Posted on entry Open thread 24 ::: June 17, 2004, 10:40 AM:
"I'm sorry..." I think they overclaim what they can do, and it looks like it will lead to mild Thesauritosis, but I know people that this might help with simple writing problems (ESL, forex). It certainly won't upgrade your skills unless you're really bad with adjectives and adverbs. I shudder to think of people applying it to fiction.
Mostly they're just blowing [white] smoke up your butt.
Posted on entry Open thread 20. ::: March 29, 2004, 06:20 PM:
Ah, Skwid, what a sad life you have had, if nobody ever let you look at their Pogo comics by Walt Kelly.
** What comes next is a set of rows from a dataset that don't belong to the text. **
(* Index [0] is the cell order, [1 + s] the residue order for [s < 3], and
   [4 + 2 b + v] the order for bit [b] of the scale being [v].  The cell order
   breaks the last ties by the reverse of [W], so that copies of one interval
   are reversed as well. *)
Definition realizer (i : nat) : X -> X -> Prop :=
  match i with
  | O => point_order l r cell_end (fun a b => W b a)
  | S i =>
      if (i <? 3)%nat then point_order l r (residue_point i) W
      else point_order l r (bit_point (Nat.div2 (i - 3)) (Nat.odd (i - 3))) W
  end.

Lemma realizer_residue s :
  (s < 3)%nat -> realizer (S s) = point_order l r (residue_point s) W.
Proof. intros hs; simpl; now rewrite (proj2 (Nat.ltb_lt s 3) hs). Qed.

Lemma realizer_bit b v :
  realizer (4 + (2 * b + Nat.b2n v)) = point_order l r (bit_point b v) W.
Proof.
  change (4 + ?m)%nat with (S (3 + m)); unfold realizer.
  rewrite (proj2 (Nat.ltb_ge _ _)), Nat.add_comm, Nat.add_sub by lia.
  destruct v; simpl Nat.b2n.
  - now rewrite Nat.div2_odd', Nat.odd_odd.
  - now rewrite Nat.add_0_r, Nat.div2_double, Nat.odd_even.
Qed.

Lemma realizer_linear_extension i : linear_extension P (realizer i).
Proof.
  assert (hP : forall x y, P x y -> r x < l y) by apply rep.
  assert (hlr : forall x, l x <= r x) by apply rep.
  destruct i as [|i]; simpl; [|destruct (i <? 3)%nat];
    apply point_order_linear_extension; unfold residue_point, bit_point;
    auto using strict_total_order_flip, cell_end_between, endpoint_between.
Qed.

Lemma reverse_scale_neq x y :
  scale x <> scale y -> l y <= r x ->
  exists i, (i < 2 * K + 4)%nat /\ realizer i y x.
Proof.
  intros hs hyx.
  destruct (testbit_neq_below _ _ K hs (scale_lt x) (scale_lt y)) as (b & hb & hbit).
  exists (4 + (2 * b + Nat.b2n (Nat.testbit (scale x) b)))%nat; split.
  { destruct (Nat.testbit _ _); simpl; lia. }
  rewrite realizer_bit; apply endpoint_order_reverse; auto using left_lt_right.
  - apply Bool.eqb_reflx.
  - apply Bool.eqb_false_iff; congruence.
Qed.

Lemma reverse_cell_lt x y : step x = step y -> (cell y < cell x)%Z -> realizer 0 y x.
Proof.
  intros hs hc; apply point_order_lt; unfold cell_end; rewrite hs.
  assert (IZR (cell y) + 1 <= IZR (cell x)) by (rewrite <- plus_IZR; apply IZR_le; lia).
  pose proof (step_ge1 y); nra.
Qed.

Lemma reverse_cell_gt x y :
  step x = step y -> (cell x < cell y)%Z -> l y <= r x ->
  realizer (S (mod3 (cell x))) y x.
Proof.
  intros hs hc hyx.
  assert (near : (cell y < cell x + 3)%Z).
  { apply Z.nle_gt; intros far.
    assert (IZR (cell x) + 3 <= IZR (cell y)) by (rewrite <- plus_IZR; apply IZR_le; lia).
    pose proof (cell_bounds x); pose proof (cell_bounds y); pose proof (step_length x).
    pose proof (step_ge1 x); unfold cell_end in *; rewrite <- hs in *; nra. }
  rewrite realizer_residue by apply mod3_lt.
  apply endpoint_order_reverse; auto using left_lt_right.
  - apply Nat.eqb_refl.
  - apply Nat.eqb_neq; intros e; apply (mod3_neq (cell x) (cell y)); [lia|congruence].
Qed.
(* Let $\{\lambda_n\}_{n=0}^\infty$ be a non-trivial non-negative (classical) multiplier sequence and let $T$ be the linear operator on $\mathbb{R}[x]$ with $T(H_n)=\lambda_nH_n$ for all $n$, so that $G_T(x,y)=e^{y^2/4}\sum_{k\ge0}\frac{\lambda_kH_k(x)(-y)^k}{2^kk!}$. Then $G_T(-x,y)\notin\mathscr{L\text{-}P}_2(\mathbb{R})$.
   Context: The Hermite polynomials are defined by $\exp(2xt-t^2)=\sum_{n\ge0}\frac{H_n(x)}{n!}t^n$. A multiplier sequence is a real sequence $\{\lambda_n\}$ such that $x^n\mapsto\lambda_nx^n$ maps real-rooted polynomials to real-rooted polynomials. A sequence is trivial if there is $k$ with $\lambda_n=0$ for all $n\notin\{k,k+1\}$. The symbol of a linear operator $T$ on $\mathbb{R}[x]$ is $G_T(x,y)=\sum_{n\ge0}\frac{(-1)^nT(x^n)}{n!}y^n$. A polynomial in $\mathbb{C}[x,y]$ is stable if it has no zero with $\operatorname{Im}x>0,\operatorname{Im}y>0$; $\mathscr{L\text{-}P}_2(\mathbb{R})$ is the class of real entire functions of two variables that are limits, uniformly on compact subsets of $\mathbb{C}^2$, of real stable polynomials. *)

From Stdlib Require Import Reals List Arith Factorial.
Open Scope R_scope.

Record Cpx := mkC { Re : R; Im : R }.
Definition C0 : Cpx := mkC 0 0.
Definition C1 : Cpx := mkC 1 0.
Definition CR (r : R) : Cpx := mkC r 0.
Definition Cadd (z w : Cpx) : Cpx := mkC (Re z + Re w) (Im z + Im w).
Definition Copp (z : Cpx) : Cpx := mkC (- Re z) (- Im z).
Definition Csub (z w : Cpx) : Cpx := Cadd z (Copp w).
Definition Cmul (z w : Cpx) : Cpx :=
  mkC (Re z * Re w - Im z * Im w) (Re z * Im w + Im z * Re w).
Fixpoint Cpow (z : Cpx) (n : nat) : Cpx :=
  match n with O => C1 | S k => Cmul z (Cpow z k) end.
Definition Cnorm (z : Cpx) : R := sqrt (Re z * Re z + Im z * Im z).
Definition Cexp (z : Cpx) : Cpx :=
  mkC (exp (Re z) * cos (Im z)) (exp (Re z) * sin (Im z)).

Fixpoint Csum (f : nat -> Cpx) (n : nat) : Cpx :=
  match n with O => C0 | S k => Cadd (Csum f k) (f k) end.

Definition Cseries_cv (a : nat -> Cpx) (s : Cpx) : Prop :=
  forall eps, 0 < eps -> exists N, forall n, (N <= n)%nat ->
    Cnorm (Csub (Csum a n) s) < eps.

(** * Real univariate polynomials, as coefficient lists [a0; a1; ...] *)
Fixpoint peval (p : list R) (z : Cpx) : Cpx :=
  match p with nil => C0 | a :: q => Cadd (CR a) (Cmul z (peval q z)) end.

(** real-rooted: all zeros real (the zero polynomial counts as real-rooted) *)
Definition real_rooted (p : list R) : Prop :=
  (forall a, In a p -> a = 0) \/ (forall z, peval p z = C0 -> Im z = 0).

(** the diagonal operator x^n |-> lam n x^n applied to a coefficient list *)
Fixpoint apply_seq_from (lam : nat -> R) (n : nat) (p : list R) : list R :=
  match p with nil => nil | a :: q => (lam n * a) :: apply_seq_from lam (S n) q end.
Definition apply_seq (lam : nat -> R) (p : list R) := apply_seq_from lam O p.

Definition multiplier_sequence (lam : nat -> R) : Prop :=
  forall p, real_rooted p -> real_rooted (apply_seq lam p).

Definition trivial_seq (lam : nat -> R) : Prop :=
  exists k, forall n, n <> k -> n <> S k -> lam n = 0.

(** * Hermite polynomials:  exp(2xt - t^2) = sum_n H_n(x) t^n / n!, i.e.
    H_n(x) = sum_{j <= n/2} (-1)^j n! / (j! (n-2j)!) (2x)^(n-2j)
    (coefficient of t^n in exp(2xt) * exp(-t^2), times n!). *)
Definition hermite (n : nat) (x : Cpx) : Cpx :=
  Csum (fun j => if Nat.leb (2 * j) n then
          Cmul (CR ((-1) ^ j * INR (fact n) / (INR (fact j) * INR (fact (n - 2 * j)))))
               (Cpow (Cmul (CR 2) x) (n - 2 * j))
        else C0) (S n).

(** * Bivariate real polynomials: degree bound d, coefficients c i j of x^i y^j *)
Definition biv_eval (d : nat) (c : nat -> nat -> R) (x y : Cpx) : Cpx :=
  Csum (fun i => Csum (fun j => Cmul (CR (c i j)) (Cmul (Cpow x i) (Cpow y j))) (S d)) (S d).

Definition real_stable (d : nat) (c : nat -> nat -> R) : Prop :=
  forall x y, 0 < Im x -> 0 < Im y -> biv_eval d c x y <> C0.

(** L-P_2(R): limits, uniformly on compact subsets of Cpx^2, of real stable polynomials.
    (Every compact set lies in some closed polydisc |x|,|y| <= r.) *)
Definition LP2 (F : Cpx -> Cpx -> Cpx) : Prop :=
  exists (d : nat -> nat) (c : nat -> nat -> nat -> R),
    (forall m, real_stable (d m) (c m)) /\
    forall r eps, 0 < eps -> exists M, forall m, (M <= m)%nat ->
      forall x y, Cnorm x <= r -> Cnorm y <= r ->
        Cnorm (Csub (biv_eval (d m) (c m) x y) (F x y)) < eps.

Definition GT_term (lam : nat -> R) (x y : Cpx) (k : nat) : Cpx :=
  Cmul (CR (lam k / (2 ^ k * INR (fact k)))) (Cmul (hermite k x) (Cpow (Copp y) k)).

Definition is_symbol (lam : nat -> R) (G : Cpx -> Cpx -> Cpx) : Prop :=
  forall x y, exists s, Cseries_cv (GT_term lam x y) s /\
    G x y = Cmul (Cexp (Cmul (CR (/ 4)) (Cmul y y))) s.

From Pilot Require Import Defs.
From Stdlib Require Import Reals Lra Lia Classical Arith List.
Open Scope R_scope.

(** Let [F(x, y) = G_T(-x, y)].  The proof compares [F] at the two points
    [(i, i)] and [(i, -i)].

    - Stability side: if [P] is real stable, then for [x = i] fixed the
      polynomial [y |-> P(i, y)] has all its roots in the closed lower
      half-plane, so each linear factor satisfies [|-i - z| <= |i - z|] and
      [|P(i, -i)| <= |P(i, i)|].  This inequality survives locally uniform
      limits, hence holds for every member of [L-P_2(R)].
    - Symbol side: at [x = -i], [y = is] every term of the Hermite series is
      real, equal to [(-s)^k b_k] with [b_k >= 0] proportional to [lam k].
      Hence [|F(i, i)| = e^(-1/4) |sum (-1)^k b_k|] and
      [|F(i, -i)| = e^(-1/4) sum b_k], and the first is strictly smaller as
      soon as two consecutive [b_n], [b_(n+1)] are positive.
    - Multiplier sequences: a non-trivial non-negative multiplier sequence
      has two consecutive positive terms, since a gap would send the
      real-rooted [x^p (1 + x)^m] to [x^p (lam p + lam (p+m) x^m)], which
      has non-real roots. *)

Lemma Ceq z w : Re z = Re w -> Im z = Im w -> z = w.
Proof. destruct z, w; simpl; intros; subst; reflexivity. Qed.

Ltac cring := apply Ceq; simpl; ring.

Lemma Cmul_assoc a b c : Cmul a (Cmul b c) = Cmul (Cmul a b) c.
Proof. cring. Qed.

Lemma Cpow_add z a b : Cpow z (a + b) = Cmul (Cpow z a) (Cpow z b).
Proof. induction a; simpl; [cring | rewrite IHa; apply Cmul_assoc]. Qed.

Lemma Cpow_Cmul a b n : Cpow (Cmul a b) n = Cmul (Cpow a n) (Cpow b n).
Proof.
  induction n; simpl; [cring|].
  rewrite IHn; destruct a, b, (Cpow _ n), (Cpow _ n); cring.
Qed.

Lemma Cpow_double z j : Cpow z (2 * j) = Cpow (Cmul z z) j.
Proof.
  induction j; [reflexivity|].
  replace (2 * S j)%nat with (S (S (2 * j))) by lia; cbn [Cpow].
  rewrite IHj; destruct z, (Cpow _ j); cring.
Qed.

Lemma CR_mul a b : Cmul (CR a) (CR b) = CR (a * b).
Proof. cring. Qed.

Lemma CR_pow a n : Cpow (CR a) n = CR (a ^ n).
Proof. induction n; simpl; [reflexivity | rewrite IHn, CR_mul; reflexivity]. Qed.

Lemma de_moivre t n :
  Cpow (mkC (cos t) (sin t)) n = mkC (cos (INR n * t)) (sin (INR n * t)).
Proof.
  induction n; simpl Cpow.
  - simpl INR; rewrite Rmult_0_l, cos_0, sin_0; reflexivity.
  - rewrite IHn, S_INR; replace ((INR n + 1) * t) with (t + INR n * t) by ring.
    rewrite cos_plus, sin_plus; cring.
Qed.

Lemma Cmul_eq0 a b : Cmul a b = Defs.C0 -> a = Defs.C0 \/ b = Defs.C0.
Proof.
  destruct a as [a1 a2], b as [b1 b2]; unfold Cmul, Defs.C0; simpl.
  intro H; injection H as H1 H2.
  assert (Hnorm : (a1*a1+a2*a2)*(b1*b1+b2*b2)
                  = (a1*b1-a2*b2)*(a1*b1-a2*b2) + (a1*b2+a2*b1)*(a1*b2+a2*b1)) by ring.
  rewrite H1, H2, Rmult_0_l, Rplus_0_l in Hnorm.
  apply Rmult_integral in Hnorm as [Ha|Hb]; [left|right]; apply Ceq; simpl; nra.
Qed.

Lemma Cpow_eq0 z n : Cpow z n = Defs.C0 -> z = Defs.C0.
Proof.
  induction n; simpl; intro H.
  - injection H; lra.
  - destruct (Cmul_eq0 _ _ H); auto.
Qed.

Lemma Rabs_Re_le_Cnorm z : Rabs (Re z) <= Cnorm z.
Proof. rewrite <- sqrt_Rsqr_abs; apply sqrt_le_1_alt; unfold Rsqr; nra. Qed.

Lemma Rabs_Im_le_Cnorm z : Rabs (Im z) <= Cnorm z.
Proof. rewrite <- sqrt_Rsqr_abs; apply sqrt_le_1_alt; unfold Rsqr; nra. Qed.

Lemma Cnorm_real r : Cnorm (CR r) = Rabs r.
Proof. unfold Cnorm; simpl; rewrite <- sqrt_Rsqr_abs; f_equal; unfold Rsqr; ring. Qed.

Lemma Cnorm_triangle u v : Cnorm (Cadd u v) <= Cnorm u + Cnorm v.
Proof.
  destruct u as [a b], v as [c d]; unfold Cnorm; simpl.
  set (nu := a*a+b*b); set (nv := c*c+d*d).
  assert (Hu : 0 <= nu) by (unfold nu; nra); assert (Hv : 0 <= nv) by (unfold nv; nra).
  assert (Hcs : a*c+b*d <= sqrt nu * sqrt nv).
  { rewrite <- sqrt_mult by auto.
    apply Rle_trans with (Rabs (a*c+b*d)); [apply Rle_abs|].
    rewrite <- sqrt_Rsqr_abs; apply sqrt_le_1_alt; unfold Rsqr, nu, nv.
    pose proof (Rle_0_sqr (a*d-b*c)); unfold Rsqr in *; nra. }
  pose proof (sqrt_pos nu); pose proof (sqrt_pos nv).
  pose proof (sqrt_sqrt nu Hu); pose proof (sqrt_sqrt nv Hv).
  rewrite <- (sqrt_square (sqrt nu + sqrt nv)) by lra.
  apply sqrt_le_1_alt.
  replace ((a + c) * (a + c) + (b + d) * (b + d)) with (nu + nv + 2 * (a*c+b*d))
    by (unfold nu, nv; ring).
  nra.
Qed.

Lemma Cnorm_close a b :
  Cnorm a <= Cnorm b + Cnorm (Csub a b) /\ Cnorm b <= Cnorm a + Cnorm (Csub a b).
Proof.
  split.
  - replace a with (Cadd b (Csub a b)) at 1 by (destruct a, b; cring).
    apply Cnorm_triangle.
  - replace b with (Cadd a (Copp (Csub a b))) at 1 by (destruct a, b; cring).
    replace (Cnorm (Csub a b)) with (Cnorm (Copp (Csub a b)))
      by (unfold Cnorm; destruct (Csub a b); simpl; f_equal; ring).
    apply Cnorm_triangle.
Qed.

Fixpoint rsum (g : nat -> R) (n : nat) : R :=
  match n with O => 0 | S k => rsum g k + g k end.

Lemma Csum_CR g n : Csum (fun j => CR (g j)) n = CR (rsum g n).
Proof. induction n; simpl; [reflexivity | rewrite IHn; cring]. Qed.

Lemma Csum_ext f g n : (forall j, (j < n)%nat -> f j = g j) -> Csum f n = Csum g n.
Proof. induction n; simpl; intros H; [reflexivity | rewrite IHn, H; auto]. Qed.

Lemma Csum_mul_r f n w : Cmul (Csum f n) w = Csum (fun j => Cmul (f j) w) n.
Proof.
  induction n; simpl; [cring|].
  rewrite <- IHn; destruct (Csum f n), (f n), w; cring.
Qed.

Lemma rsum_ext g h n : (forall k, g k = h k) -> rsum g n = rsum h n.
Proof. intro H; induction n; simpl; [reflexivity | rewrite IHn, H; reflexivity]. Qed.

Lemma rsum_scal c g n : c * rsum g n = rsum (fun j => c * g j) n.
Proof. induction n; simpl; [ring | rewrite <- IHn; ring]. Qed.

Lemma rsum_lin g h a n : rsum (fun k => g k + a * h k) n = rsum g n + a * rsum h n.
Proof. induction n; simpl; [ring | rewrite IHn; ring]. Qed.

Lemma rsum_ge0 g n : (forall j, 0 <= g j) -> 0 <= rsum g n.
Proof. intro H; induction n; simpl; [lra | specialize (H n); lra]. Qed.

Lemma rsum_ge_term g n j : (forall j, 0 <= g j) -> (j < n)%nat -> g j <= rsum g n.
Proof.
  intros H; induction n; intros Hj; [lia|]; simpl.
  pose proof (H n).
  destruct (Nat.eq_dec j n) as [->|Hne].
  - pose proof (rsum_ge0 g n H); lra.
  - assert (g j <= rsum g n) by (apply IHn; lia); lra.
Qed.

Lemma rsum_ge_pair g n j :
  (forall j, 0 <= g j) -> (S j < n)%nat -> g j + g (S j) <= rsum g n.
Proof.
  intros H; induction n; intros Hj; [lia|]; simpl.
  pose proof (H n).
  destruct (Nat.eq_dec (S j) n) as [<-|Hne].
  - simpl; pose proof (rsum_ge0 g j H); lra.
  - assert (g j + g (S j) <= rsum g n) by (apply IHn; lia); lra.
Qed.

Lemma cv_lower_bound u l c N :
  Un_cv u l -> (forall n, (N <= n)%nat -> c <= u n) -> c <= l.
Proof.
  intros Hu Hc; apply Rnot_lt_le; intro Hlt.
  destruct (Hu (c - l)) as [N' HN']; [lra|].
  specialize (HN' (N + N')%nat ltac:(lia)); specialize (Hc (N + N')%nat ltac:(lia)).
  unfold Rdist in HN'; apply Rabs_def2 in HN'; lra.
Qed.

Lemma cv_lin u v U V a : Un_cv u U -> Un_cv v V -> Un_cv (fun n => u n + a * v n) (U + a * V).
Proof.
  intros Hu Hv; apply CV_plus, CV_mult; auto.
  intros eps He; exists 0%nat; intros; unfold Rdist; rewrite Rminus_diag, Rabs_R0; lra.
Qed.

Lemma real_series_cv u s :
  Cseries_cv (fun k => CR (u k)) s -> Im s = 0 /\ Un_cv (rsum u) (Re s).
Proof.
  intros Hc; split.
  - destruct (Req_dec (Im s) 0) as [h0|h0]; auto; exfalso.
    destruct (Hc (Rabs (Im s))) as [N HN]; [apply Rabs_pos_lt; auto|].
    specialize (HN N (Nat.le_refl N)); rewrite Csum_CR in HN.
    pose proof (Rabs_Im_le_Cnorm (Csub (CR (rsum u N)) s)) as Hle; simpl in Hle.
    replace (0 + - Im s) with (- Im s) in Hle by ring; rewrite Rabs_Ropp in Hle; lra.
  - intros eps He; destruct (Hc eps He) as [N HN]; exists N; intros n Hn.
    specialize (HN n Hn); rewrite Csum_CR in HN.
    pose proof (Rabs_Re_le_Cnorm (Csub (CR (rsum u n)) s)) as Hle; simpl in Hle; unfold Rdist, Rminus; lra.
Qed.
Funny, satirical, political, punnical, topical, anthropomorphical animal comic strip from the 40s to the mid-70s. And nonsensical new words to old songs, bits of which have been confusing you in entries above. A quick look at my online library union catalog was quite fruitful, and I now have ILL requests for some cool memories.
"We have met the enemy and he is us."
Posted on entry Paint and sensibility ::: March 09, 2004, 09:18 AM:
Xopher: The Godspell lyric is:
On the willows there,
we hung up our lives,
for our captors there required ...
From the Godspell vocal score I just happen to have.

I don't mean to harp, or call you a lyre, just nitpicking to be polite.